For the EN-HPP.7 samples and positive controls (Pos.7 and EN.7+), high cell counts (>8 log CFU/mL) were observed throughout the fermentation (Figure 11B). Despite the initial (T = 10 h) significant differences in cell counts between the positive controls and the EN-HPP.7 samples, the differences in counts were no longer significant at T = 10 h and afterward (Table 3). By 24 h, the counts for the EN-HPP.7 samples peaked; these high counts were like those observed for the positive controls at their highest concentrations, both of which occurred at the beginning of the fermentation. By the end of the fermentation (T = 48 h), counts for the EN-HPP.7 samples and the positive controls all fell within a range of 9–10 log CFU/mL (Table 3).

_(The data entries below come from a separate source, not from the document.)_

(* Let $X$ be a compact Hausdorff space and $\varphi:X\to X$ a continuous surjection. Then the canonical homeomorphism extension $(\tilde X,\tilde\varphi)$ of $(X,\varphi)$ is minimal.
   Context: A system $(Y,\psi)$ ($Y$ compact Hausdorff, $\psi$ a continuous surjection) is an extension of $(X,\varphi)$ if there is a continuous surjection $p:Y\to X$ (the extension map) with $p\circ\psi=\varphi\circ p$; if $p$ is a homeomorphism it is a conjugacy, and the systems are conjugate. A homeomorphism extension is an extension in which $\psi$ is a homeomorphism. The canonical homeomorphism extension: $\tilde X=\{(x_1,x_2,\dots)\in\prod_{n\ge1}X : x_n=\varphi(x_{n+1})\ \forall n\}$ with product topology, $\tilde\varphi(x_1,x_2,\dots)=(\varphi(x_1),x_1,x_2,\dots)$, extension map $p(x_1,x_2,\dots)=x_1$. A homeomorphism extension $(Y,\psi)$ of $(X,\varphi)$ is minimal if whenever $(Z,\sigma)$ is a homeomorphism extension of $(X,\varphi)$ and $(Y,\psi)$ is an extension of $(Z,\sigma)$ such that the composition of the extension map of $Z$ over $X$ with the extension map of $Y$ over $Z$ equals the extension map of $Y$ over $X$, then $(Y,\psi)$ and $(Z,\sigma)$ are conjugate. *)

From HB Require Import structures.
From mathcomp Require Import all_boot all_order all_algebra.
From mathcomp Require Import all_classical all_reals all_analysis.
Set Implicit Arguments. Unset Strict Implicit. Unset Printing Implicit Defensive.
Local Open Scope classical_set_scope.

Definition onto_map {A B : Type} (f : A -> B) := forall b, exists a, f a = b.

Definition homeomorphism {Y Z : topologicalType} (f : Y -> Z) :=
  continuous f /\ exists g : Z -> Y, continuous g /\ cancel f g /\ cancel g f.

Definition system (Y : topologicalType) (psi : Y -> Y) :=
  compact [set: Y] /\ hausdorff_space Y /\ continuous psi /\ onto_map psi.

Definition is_extension {Y X : topologicalType} (psi : Y -> Y) (phi : X -> X)
  (p : Y -> X) := continuous p /\ onto_map p /\ (forall y, p (psi y) = phi (p y)).

Definition conjugate {Y Z : topologicalType} (psi : Y -> Y) (sigma : Z -> Z) :=
  exists h : Y -> Z, is_extension psi sigma h /\ homeomorphism h.

Definition homeo_extension {X Y : topologicalType} (phi : X -> X)
  (psi : Y -> Y) (p : Y -> X) :=
  system psi /\ homeomorphism psi /\ is_extension psi phi p.

Definition minimal_homeo_extension {X Y : topologicalType} (phi : X -> X)
  (psi : Y -> Y) (p : Y -> X) :=
  homeo_extension phi psi p /\
  forall (Z : topologicalType) (sigma : Z -> Z) (q : Z -> X) (r : Y -> Z),
    homeo_extension phi sigma q -> is_extension psi sigma r ->
    (forall y, q (r y) = p y) -> conjugate psi sigma.

(* Canonical homeomorphism extension. Sequences are indexed from 0:
   x : nat -> X stands for (x_1, x_2, ...) with x_{n+1} = x n. *)
Definition tildeX_set {X : topologicalType} (phi : X -> X) : set {ptws nat -> X} :=
  [set x | forall n, x n = phi (x n.+1)].

Definition tildeX {X : topologicalType} (phi : X -> X) : topologicalType :=
  (set_type (tildeX_set phi) : topologicalType).

Definition shift_fun {X : topologicalType} (phi : X -> X) (x : {ptws nat -> X}) : {ptws nat -> X} :=
  fun n => if n is m.+1 then x m else phi (x 0%N).

Lemma shift_fun_in {X : topologicalType} (phi : X -> X) (x : tildeX phi) :
  tildeX_set phi (shift_fun phi (set_val x)).
Proof.
case: x => x /= /set_mem Hx [|n] //=.
Qed.

Definition tphi {X : topologicalType} (phi : X -> X) : tildeX phi -> tildeX phi :=
  fun x => exist _ (shift_fun phi (set_val x)) (mem_set (shift_fun_in x)).

Definition tproj {X : topologicalType} (phi : X -> X) : tildeX phi -> X :=
  fun x => set_val x 0%N.

Arguments tphi {X} phi _.
Arguments tproj {X} phi _.

From mathcomp Require Import all_boot all_order all_algebra.
From mathcomp Require Import all_classical all_reals all_analysis.
Set Implicit Arguments. Unset Strict Implicit. Unset Printing Implicit Defensive.
Local Open Scope classical_set_scope.

(** A point of the inverse limit [tildeX phi] is a backward orbit
    [(x_0, x_1, ...)] with [x_n = phi x_(n+1)]; [tphi] shifts it forward and
    is inverted by dropping the first coordinate.  Tychonoff makes the inverse
    limit compact.  For minimality, let [r] factor [tproj] through a
    homeomorphism extension [(Z, sigma)] over [q].  Since [r] intertwines the
    inverses of [tphi] and [sigma], the [n]-th coordinate of [y] is
    [q (sigma^-n (r y))]; this formula is a continuous left inverse of [r], so
    the continuous surjection [r] is a conjugacy. *)

Lemma continuous_ptws (I : Type) (T X : topologicalType) (f : T -> {ptws I -> X}) :
  (forall i, continuous (f ^~ i)) -> continuous f.
Proof.
move=> cf x; apply/cvg_sup => i; move: x.
apply/(@continuousP _ (initial_topology (@^~ i))) => A [B oB <-].
exact: (@open_comp _ _ (f ^~ i)).
Qed.

Lemma closed_eq_fun (T Y : topologicalType) (f g : T -> Y) :
  hausdorff_space Y -> continuous f -> continuous g -> closed [set x | f x = g x].
Proof.
move=> hY cf cg x clx; apply: hY => A B nA nB.
have nAB : nbhs x (f @^-1` A `&` g @^-1` B) by apply: filterI; [exact: cf|exact: cg].
have [y [/= fgy [Ay By]]] := clx _ nAB.
by exists (f y); split => //; rewrite fgy.
Qed.

Lemma continuous_iter (Z : topologicalType) (s : Z -> Z) n :
  continuous s -> continuous (iter n s).
Proof.
move=> cs; elim: n => [|n IH] /=; first by move=> ?; exact: cvg_id.
by move=> z; apply: (@continuous_comp _ _ _ (iter n s) s); [exact: IH|exact: cs].
Qed.

Lemma homeomorphism_cancel (Y Z : topologicalType) (f : Y -> Z) (g : Z -> Y) :
  continuous f -> onto_map f -> continuous g -> cancel f g -> homeomorphism f.
Proof.
move=> cf f_onto cg fK; split => //; exists g; split => //; split => // z.
by have [y <-] := f_onto z; rewrite fK.
Qed.

Section CanonicalExtension.
Variables (X : topologicalType) (phi : X -> X).

Lemma continuous_tildeX_val : continuous (set_val : tildeX phi -> {ptws nat -> X}).
Proof. exact: initial_continuous. Qed.

Lemma continuous_tildeX_coord n : continuous (fun x : tildeX phi => set_val x n).
Proof.
move=> x; apply: (@continuous_comp _ _ _ set_val (fun f : {ptws nat -> X} => f n)).
  exact: continuous_tildeX_val.
exact: (@proj_continuous nat (fun _ => X) n).
Qed.

Lemma continuous_into_tildeX (T : topologicalType) (g : T -> tildeX phi) :
  (forall n, continuous (fun t => set_val (g t) n)) -> continuous g.
Proof.
by move=> cg; apply: (@continuous_comp_initial _ _ _ set_val); apply: continuous_ptws.
Qed.

Lemma tildeX_hausdorff : hausdorff_space X -> hausdorff_space (tildeX phi).
Proof.
move=> hX p q clpq; apply: val_inj; apply: hausdorff_product => // A B nA nB.
have [z [Az Bz]] := clpq _ _ (continuous_tildeX_val nA) (continuous_tildeX_val nB).
by exists (set_val z).
Qed.

Hypotheses (cX : compact [set: X]) (hX : hausdorff_space X) (cphi : continuous phi).

Lemma compact_tildeX_set : compact (tildeX_set phi).
Proof.
have pc n : continuous (fun f : {ptws nat -> X} => f n)
  by exact: (@proj_continuous nat (fun _ => X) n).
have -> : tildeX_set phi =
    \bigcap_(n in [set: nat]) [set f : {ptws nat -> X} | f n = phi (f n.+1)].
  by apply/seteqP; split => [f Hf n _|f Hf n] //=; exact: Hf.
apply: (@subclosed_compact _ _ [set f : {ptws nat -> X} | forall i, [set: X] (f i)]).
- apply: closed_bigI => n _; apply: closed_eq_fun => // f.
  by apply: continuous_comp; [exact: pc|exact: cphi].
- exact: (@tychonoff nat (fun _ => X) (fun _ => [set: X])).
- by [].
Qed.

Lemma compact_tildeX : compact [set: tildeX phi].
Proof.
have [[a0 _]|empty] := pselect (exists a : tildeX phi, True); last first.
  suff -> : [set: tildeX phi] = set0 by exact: compact0.
  by apply/seteqP; split => // a _; apply: empty; exists a.
pose F (f : {ptws nat -> X}) : tildeX phi :=
  if pselect (tildeX_set phi f) is left h then exist _ f (mem_set h) else a0.
have FE (y : tildeX phi) : F (set_val y) = y.
  rewrite /F; case: pselect => [h|h]; first exact: val_inj.
  by exfalso; apply: h; exact: set_valP.
have -> : [set: tildeX phi] = F @` tildeX_set phi.
  by apply/seteqP; split => // y _; exists (set_val y); [exact: set_valP|exact: FE].
apply: continuous_compact compact_tildeX_set.
apply/subspace_sigL_continuousP.
have -> : sigL (tildeX_set phi) F = id by apply: funext => y; exact: FE.
by move=> ?; exact: cvg_id.
Qed.

End CanonicalExtension.

Section ShiftInverse.
Variables (X : topologicalType) (phi : X -> X).

Lemma tildeX_set_tail (x : tildeX phi) : tildeX_set phi (fun n => set_val x n.+1).
Proof. by move=> n; have := set_valP x; apply. Qed.

Definition tphi_inv (x : tildeX phi) : tildeX phi :=
  exist _ (fun n => set_val x n.+1) (mem_set (tildeX_set_tail x)).

Lemma tphiK : cancel (tphi phi) tphi_inv.
Proof. by move=> x; apply: val_inj; apply: funext. Qed.

Lemma tphi_invK : cancel tphi_inv (tphi phi).
Proof.
move=> x; apply: val_inj; apply: funext => -[|n] //=.
by rewrite /shift_fun /= -(set_valP x 0%N).
Qed.

Lemma iter_tphi_inv n (y : tildeX phi) m :
  set_val (iter n tphi_inv y) m = set_val y (m + n).
Proof.
elim: n y m => [|n IH] y m; first by rewrite addn0.
by rewrite iterSr IH addnS.
Qed.

Lemma continuous_tphi : continuous phi -> continuous (tphi phi).
Proof.
move=> cphi; apply: continuous_into_tildeX => -[|n] /=; last exact: continuous_tildeX_coord.
move=> x; apply: (@continuous_comp _ _ _ (fun x : tildeX phi => set_val x 0%N) phi).
  exact: continuous_tildeX_coord.
exact: cphi.
Qed.

Lemma continuous_tphi_inv : continuous tphi_inv.
Proof. by apply: continuous_into_tildeX => n; exact: continuous_tildeX_coord. Qed.

Lemma tproj_onto : onto_map phi -> onto_map (tproj phi).
Proof.
move=> ophi x; have [g gK] := @choice X X (fun y z => phi z = y) ophi.
have orbit_in : tildeX_set phi (fun n => iter n g x) by move=> n /=; rewrite gK.
by exists (exist _ (fun n => iter n g x) (mem_set orbit_in)).
Qed.

Lemma tphi_homeo_extension :
  compact [set: X] -> hausdorff_space X -> continuous phi -> onto_map phi ->
  homeo_extension phi (tphi phi) (tproj phi).
Proof.
move=> cX hX cphi ophi.
have tphi_onto : onto_map (tphi phi) by move=> y; exists (tphi_inv y); exact: tphi_invK.
have ctphi := continuous_tphi cphi.
split; [|split].
- split; first exact: compact_tildeX.
  by split; [exact: tildeX_hausdorff|split].
- exact: homeomorphism_cancel ctphi tphi_onto continuous_tphi_inv tphiK.
- by split; [exact: continuous_tildeX_coord|split; [exact: tproj_onto|]].
Qed.

Section BackwardOrbit.
Variables (Z : topologicalType) (sigma sigma_inv : Z -> Z) (q : Z -> X).
Hypotheses (sigma_invK : cancel sigma_inv sigma) (q_sigma : forall z, q (sigma z) = phi (q z)).

Lemma tildeX_set_backward_orbit z : tildeX_set phi (fun n => q (iter n sigma_inv z)).
Proof. by move=> n /=; rewrite -q_sigma sigma_invK. Qed.

Definition backward_orbit z : tildeX phi :=
  exist _ (fun n => q (iter n sigma_inv z)) (mem_set (tildeX_set_backward_orbit z)).

Lemma continuous_backward_orbit :
  continuous q -> continuous sigma_inv -> continuous backward_orbit.
Proof.
move=> cq csi; apply: continuous_into_tildeX => n z.
apply: (@continuous_comp _ _ _ (iter n sigma_inv) q); last exact: cq.
exact: continuous_iter.
Qed.

Lemma backward_orbitK (r : tildeX phi -> Z) :
  cancel sigma sigma_inv -> (forall y, r (tphi phi y) = sigma (r y)) ->
  (forall y, q (r y) = tproj phi y) -> cancel r backward_orbit.
Proof.
move=> sigmaK r_tphi q_r y; apply: val_inj; apply: funext => n /=.
have r_inv y' : r (tphi_inv y') = sigma_inv (r y').
  by rewrite -{2}(tphi_invK y') r_tphi sigmaK.
have -> : iter n sigma_inv (r y) = r (iter n tphi_inv y).
  by elim: n => [|n IH] //=; rewrite IH r_inv.
by rewrite q_r /tproj iter_tphi_inv.
Qed.

End BackwardOrbit.
End ShiftInverse.

Arguments continuous_backward_orbit {X phi Z sigma sigma_inv q} sigma_invK q_sigma.
Arguments backward_orbitK {X phi Z sigma sigma_inv q} sigma_invK q_sigma {r}.

Theorem lemma1 (X : topologicalType) (phi : X -> X) :
  compact [set: X] -> hausdorff_space X -> continuous phi -> onto_map phi ->
  minimal_homeo_extension phi (tphi phi) (tproj phi).
Proof.
move=> cX hX cphi ophi; split; first exact: tphi_homeo_extension.
move=> Z sigma q r [_ [[_ [sigma_inv [csi [sigmaK sigma_invK]]]] [cq [_ q_sigma]]]].
move=> [cr [r_onto r_tphi]] q_r; exists r; split; first by split.
exact: homeomorphism_cancel cr r_onto
  (continuous_backward_orbit sigma_invK q_sigma cq csi)
  (backward_orbitK sigma_invK q_sigma sigmaK r_tphi q_r).
Qed.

For applications with protective cultures, future work is needed to assess the inhibitory effect of this system against Clostridium spores. For applications in fermented and probiotic products, future work is needed to examine the effects of longer-term storage on selected culture viability following HPP treatment.

5. Conclusions

Collectively, this work shows that a simple cocoa butter encapsulation system for freeze-dried protective cultures can be used in combination with HPP without detrimental effects on cell viability or acidification capacities. Cocoa butter encapsulation was demonstrated to be a reliable system for preserving the viability and functionality of protective cultures. This was confirmed using both plate enumeration and monitoring of pH change over time. An RSM was utilized to optimize cell viability against several relevant factors during the encapsulation process; the only factor deemed significant was the temperature of the cocoa butter, with lower temperatures yielding higher cell counts. Pre-treatment inoculation period and substrate type were also shown to be nonsignificant factors regarding cell survival. Treatments where protective cultures were used to directly inoculate a substrate without encapsulation were unable to survive HPP. This research may provide an opportunity to overcome the current limitations of HPP in allowing for the production of HPP-treated fermented foods that maintain their probiotic qualities (Figure 2).